What is being asked — Records follow. Pull out every line that contains "Deligne".
[Start of Attachment]
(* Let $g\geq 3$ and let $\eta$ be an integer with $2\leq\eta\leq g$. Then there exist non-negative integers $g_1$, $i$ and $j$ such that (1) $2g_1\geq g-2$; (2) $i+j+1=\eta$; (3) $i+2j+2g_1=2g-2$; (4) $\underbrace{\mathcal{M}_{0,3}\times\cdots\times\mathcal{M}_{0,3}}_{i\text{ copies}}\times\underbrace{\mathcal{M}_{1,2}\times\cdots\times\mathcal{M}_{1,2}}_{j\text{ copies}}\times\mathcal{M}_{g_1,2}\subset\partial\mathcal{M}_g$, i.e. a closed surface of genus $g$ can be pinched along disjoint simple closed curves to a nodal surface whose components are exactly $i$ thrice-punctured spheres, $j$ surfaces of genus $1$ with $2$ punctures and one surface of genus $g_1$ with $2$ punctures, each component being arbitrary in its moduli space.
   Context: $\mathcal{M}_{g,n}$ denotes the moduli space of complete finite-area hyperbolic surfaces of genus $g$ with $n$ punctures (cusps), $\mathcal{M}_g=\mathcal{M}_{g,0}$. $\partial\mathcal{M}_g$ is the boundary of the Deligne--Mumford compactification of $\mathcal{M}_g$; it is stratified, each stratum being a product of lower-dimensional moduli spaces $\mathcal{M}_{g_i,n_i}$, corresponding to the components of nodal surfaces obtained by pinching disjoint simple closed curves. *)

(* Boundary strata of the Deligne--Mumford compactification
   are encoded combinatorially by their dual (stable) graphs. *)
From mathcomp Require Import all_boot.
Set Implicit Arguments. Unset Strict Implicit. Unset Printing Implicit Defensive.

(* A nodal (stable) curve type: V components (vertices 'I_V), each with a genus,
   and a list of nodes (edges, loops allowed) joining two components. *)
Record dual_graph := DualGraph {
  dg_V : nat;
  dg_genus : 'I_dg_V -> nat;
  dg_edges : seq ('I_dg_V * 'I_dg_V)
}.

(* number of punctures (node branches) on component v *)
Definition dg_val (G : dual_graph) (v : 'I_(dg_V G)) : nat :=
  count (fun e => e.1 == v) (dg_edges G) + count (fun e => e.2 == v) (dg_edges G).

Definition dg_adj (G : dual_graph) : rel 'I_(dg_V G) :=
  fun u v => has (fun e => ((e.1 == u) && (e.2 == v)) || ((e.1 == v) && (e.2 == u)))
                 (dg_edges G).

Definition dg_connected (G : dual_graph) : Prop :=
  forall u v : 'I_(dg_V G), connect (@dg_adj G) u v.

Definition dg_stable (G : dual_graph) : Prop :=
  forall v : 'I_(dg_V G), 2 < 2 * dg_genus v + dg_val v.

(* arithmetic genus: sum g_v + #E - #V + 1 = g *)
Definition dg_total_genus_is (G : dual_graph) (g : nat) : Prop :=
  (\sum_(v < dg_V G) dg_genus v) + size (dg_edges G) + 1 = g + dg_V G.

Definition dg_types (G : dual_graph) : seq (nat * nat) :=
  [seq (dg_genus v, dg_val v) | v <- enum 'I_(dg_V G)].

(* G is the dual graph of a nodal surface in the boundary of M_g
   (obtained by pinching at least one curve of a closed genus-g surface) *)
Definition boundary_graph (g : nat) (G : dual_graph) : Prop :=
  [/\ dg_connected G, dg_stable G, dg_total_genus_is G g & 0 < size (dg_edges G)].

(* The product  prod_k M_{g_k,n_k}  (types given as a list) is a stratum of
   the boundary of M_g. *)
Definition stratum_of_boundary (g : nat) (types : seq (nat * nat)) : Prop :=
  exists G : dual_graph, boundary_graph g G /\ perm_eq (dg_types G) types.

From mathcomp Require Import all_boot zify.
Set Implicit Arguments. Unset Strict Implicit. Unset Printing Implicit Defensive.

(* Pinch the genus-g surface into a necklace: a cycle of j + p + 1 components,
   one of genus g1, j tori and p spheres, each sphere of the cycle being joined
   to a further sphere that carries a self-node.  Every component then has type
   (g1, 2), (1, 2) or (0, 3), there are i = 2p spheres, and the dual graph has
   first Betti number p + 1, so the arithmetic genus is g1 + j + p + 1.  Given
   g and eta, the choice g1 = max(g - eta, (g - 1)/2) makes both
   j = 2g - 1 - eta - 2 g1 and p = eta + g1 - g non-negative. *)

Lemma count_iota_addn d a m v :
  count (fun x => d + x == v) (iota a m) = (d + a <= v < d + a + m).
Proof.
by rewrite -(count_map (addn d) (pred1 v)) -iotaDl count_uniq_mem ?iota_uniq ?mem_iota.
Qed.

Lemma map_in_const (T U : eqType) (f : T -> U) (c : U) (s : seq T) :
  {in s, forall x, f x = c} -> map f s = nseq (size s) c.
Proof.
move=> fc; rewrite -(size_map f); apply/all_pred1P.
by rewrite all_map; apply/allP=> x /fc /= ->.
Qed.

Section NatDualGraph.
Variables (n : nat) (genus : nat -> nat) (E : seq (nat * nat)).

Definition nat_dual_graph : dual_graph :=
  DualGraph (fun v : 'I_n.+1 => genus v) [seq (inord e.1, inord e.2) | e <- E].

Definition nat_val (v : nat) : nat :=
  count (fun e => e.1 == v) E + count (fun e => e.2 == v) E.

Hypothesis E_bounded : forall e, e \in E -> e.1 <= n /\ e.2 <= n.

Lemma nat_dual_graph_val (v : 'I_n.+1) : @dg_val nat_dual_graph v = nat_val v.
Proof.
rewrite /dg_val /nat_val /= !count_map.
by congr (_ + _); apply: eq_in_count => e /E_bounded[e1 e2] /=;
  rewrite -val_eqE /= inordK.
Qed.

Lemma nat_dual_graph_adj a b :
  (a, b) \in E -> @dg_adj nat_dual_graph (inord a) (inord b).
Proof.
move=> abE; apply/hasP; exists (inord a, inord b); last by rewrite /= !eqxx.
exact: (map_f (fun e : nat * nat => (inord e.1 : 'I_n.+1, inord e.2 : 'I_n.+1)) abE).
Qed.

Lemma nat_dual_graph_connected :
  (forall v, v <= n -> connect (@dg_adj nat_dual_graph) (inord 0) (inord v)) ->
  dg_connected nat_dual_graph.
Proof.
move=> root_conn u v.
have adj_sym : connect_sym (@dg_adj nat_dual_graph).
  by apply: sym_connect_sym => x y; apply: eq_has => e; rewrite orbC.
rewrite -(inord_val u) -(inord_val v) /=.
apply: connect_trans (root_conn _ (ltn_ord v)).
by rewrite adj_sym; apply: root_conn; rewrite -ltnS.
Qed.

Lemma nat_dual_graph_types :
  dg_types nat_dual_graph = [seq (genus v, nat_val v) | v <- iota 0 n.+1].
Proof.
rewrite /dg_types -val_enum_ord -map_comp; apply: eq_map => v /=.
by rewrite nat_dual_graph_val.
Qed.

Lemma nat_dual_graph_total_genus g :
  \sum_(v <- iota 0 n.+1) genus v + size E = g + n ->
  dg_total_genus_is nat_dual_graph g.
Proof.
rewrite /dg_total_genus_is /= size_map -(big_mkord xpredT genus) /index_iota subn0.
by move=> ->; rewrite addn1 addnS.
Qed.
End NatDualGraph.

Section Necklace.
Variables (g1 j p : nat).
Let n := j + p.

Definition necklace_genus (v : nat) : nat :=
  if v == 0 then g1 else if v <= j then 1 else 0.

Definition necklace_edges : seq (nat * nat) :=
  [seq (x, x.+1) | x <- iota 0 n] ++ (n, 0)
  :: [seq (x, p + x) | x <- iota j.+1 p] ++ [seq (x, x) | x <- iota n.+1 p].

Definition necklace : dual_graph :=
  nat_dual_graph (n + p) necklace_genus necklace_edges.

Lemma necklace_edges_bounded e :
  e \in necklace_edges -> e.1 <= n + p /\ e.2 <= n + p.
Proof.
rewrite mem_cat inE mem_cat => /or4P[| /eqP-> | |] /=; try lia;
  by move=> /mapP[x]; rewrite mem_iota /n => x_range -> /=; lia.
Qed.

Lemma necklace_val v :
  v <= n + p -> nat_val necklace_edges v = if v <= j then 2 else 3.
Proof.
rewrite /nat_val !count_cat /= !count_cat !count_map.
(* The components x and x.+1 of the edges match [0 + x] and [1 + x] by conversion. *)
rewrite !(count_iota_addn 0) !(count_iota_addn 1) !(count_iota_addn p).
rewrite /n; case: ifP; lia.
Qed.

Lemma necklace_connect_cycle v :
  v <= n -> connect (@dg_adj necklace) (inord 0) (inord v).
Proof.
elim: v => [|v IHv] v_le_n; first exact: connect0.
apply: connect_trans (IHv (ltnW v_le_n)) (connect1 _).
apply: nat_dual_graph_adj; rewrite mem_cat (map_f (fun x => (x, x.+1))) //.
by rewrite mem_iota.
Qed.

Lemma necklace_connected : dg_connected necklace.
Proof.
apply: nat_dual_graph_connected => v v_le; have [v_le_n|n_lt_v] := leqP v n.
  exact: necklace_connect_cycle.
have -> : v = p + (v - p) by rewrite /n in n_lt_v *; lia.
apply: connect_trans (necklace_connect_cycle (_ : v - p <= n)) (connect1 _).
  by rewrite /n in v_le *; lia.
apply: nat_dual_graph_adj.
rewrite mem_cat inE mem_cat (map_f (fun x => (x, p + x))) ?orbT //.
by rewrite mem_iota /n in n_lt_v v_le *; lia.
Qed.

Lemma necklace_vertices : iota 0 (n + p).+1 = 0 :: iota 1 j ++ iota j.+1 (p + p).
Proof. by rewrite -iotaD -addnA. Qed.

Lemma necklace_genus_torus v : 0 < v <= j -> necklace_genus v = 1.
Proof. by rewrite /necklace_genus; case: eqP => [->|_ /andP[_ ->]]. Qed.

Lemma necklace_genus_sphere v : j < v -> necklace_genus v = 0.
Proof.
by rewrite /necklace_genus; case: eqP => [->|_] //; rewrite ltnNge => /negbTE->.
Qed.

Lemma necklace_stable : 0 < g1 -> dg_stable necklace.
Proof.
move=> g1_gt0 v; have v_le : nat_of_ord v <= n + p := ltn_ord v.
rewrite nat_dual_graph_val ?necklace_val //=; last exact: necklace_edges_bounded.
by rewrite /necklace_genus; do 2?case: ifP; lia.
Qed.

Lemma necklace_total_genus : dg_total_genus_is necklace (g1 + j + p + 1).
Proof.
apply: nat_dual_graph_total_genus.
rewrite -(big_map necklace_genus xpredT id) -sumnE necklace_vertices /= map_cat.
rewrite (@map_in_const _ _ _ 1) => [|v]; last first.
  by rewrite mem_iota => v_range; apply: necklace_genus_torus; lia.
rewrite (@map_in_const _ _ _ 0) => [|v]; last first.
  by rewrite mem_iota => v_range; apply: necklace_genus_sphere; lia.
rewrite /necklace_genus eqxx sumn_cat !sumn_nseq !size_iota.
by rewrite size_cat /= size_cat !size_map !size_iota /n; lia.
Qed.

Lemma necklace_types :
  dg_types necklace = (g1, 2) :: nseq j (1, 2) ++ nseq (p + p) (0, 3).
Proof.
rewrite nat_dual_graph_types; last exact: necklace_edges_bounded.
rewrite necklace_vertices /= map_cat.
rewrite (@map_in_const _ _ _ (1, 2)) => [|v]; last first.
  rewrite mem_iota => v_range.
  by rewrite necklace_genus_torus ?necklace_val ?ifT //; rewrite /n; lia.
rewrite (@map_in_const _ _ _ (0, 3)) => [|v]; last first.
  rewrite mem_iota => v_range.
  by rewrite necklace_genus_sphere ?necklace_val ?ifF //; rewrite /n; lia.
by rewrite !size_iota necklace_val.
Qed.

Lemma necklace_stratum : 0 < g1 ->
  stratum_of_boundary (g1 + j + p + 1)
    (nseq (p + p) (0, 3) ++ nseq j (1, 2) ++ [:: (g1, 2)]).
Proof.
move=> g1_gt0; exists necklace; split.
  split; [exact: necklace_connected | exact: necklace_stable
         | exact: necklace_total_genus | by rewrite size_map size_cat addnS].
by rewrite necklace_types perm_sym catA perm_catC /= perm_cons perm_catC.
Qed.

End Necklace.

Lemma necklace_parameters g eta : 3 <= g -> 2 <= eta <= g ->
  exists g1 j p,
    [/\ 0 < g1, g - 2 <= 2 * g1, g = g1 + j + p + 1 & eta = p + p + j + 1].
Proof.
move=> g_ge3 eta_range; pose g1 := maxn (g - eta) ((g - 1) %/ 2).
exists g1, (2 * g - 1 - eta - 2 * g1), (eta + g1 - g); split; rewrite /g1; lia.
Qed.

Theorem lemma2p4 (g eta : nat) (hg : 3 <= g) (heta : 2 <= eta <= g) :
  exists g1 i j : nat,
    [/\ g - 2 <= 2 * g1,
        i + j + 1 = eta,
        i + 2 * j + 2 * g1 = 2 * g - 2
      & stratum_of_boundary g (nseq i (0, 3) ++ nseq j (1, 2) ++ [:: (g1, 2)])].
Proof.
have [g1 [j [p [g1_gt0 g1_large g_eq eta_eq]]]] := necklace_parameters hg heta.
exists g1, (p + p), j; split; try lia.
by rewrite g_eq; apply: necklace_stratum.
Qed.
[End of Attachment]
Response area —
   Context: $\mathcal{M}_{g,n}$ denotes the moduli space of complete finite-area hyperbolic surfaces of genus $g$ with $n$ punctures (cusps), $\mathcal{M}_g=\mathcal{M}_{g,0}$. $\partial\mathcal{M}_g$ is the boundary of the Deligne--Mumford compactification of $\mathcal{M}_g$; it is stratified, each stratum being a product of lower-dimensional moduli spaces $\mathcal{M}_{g_i,n_i}$, corresponding to the components of nodal surfaces obtained by pinching disjoint simple closed curves. *)
(* Boundary strata of the Deligne--Mumford compactification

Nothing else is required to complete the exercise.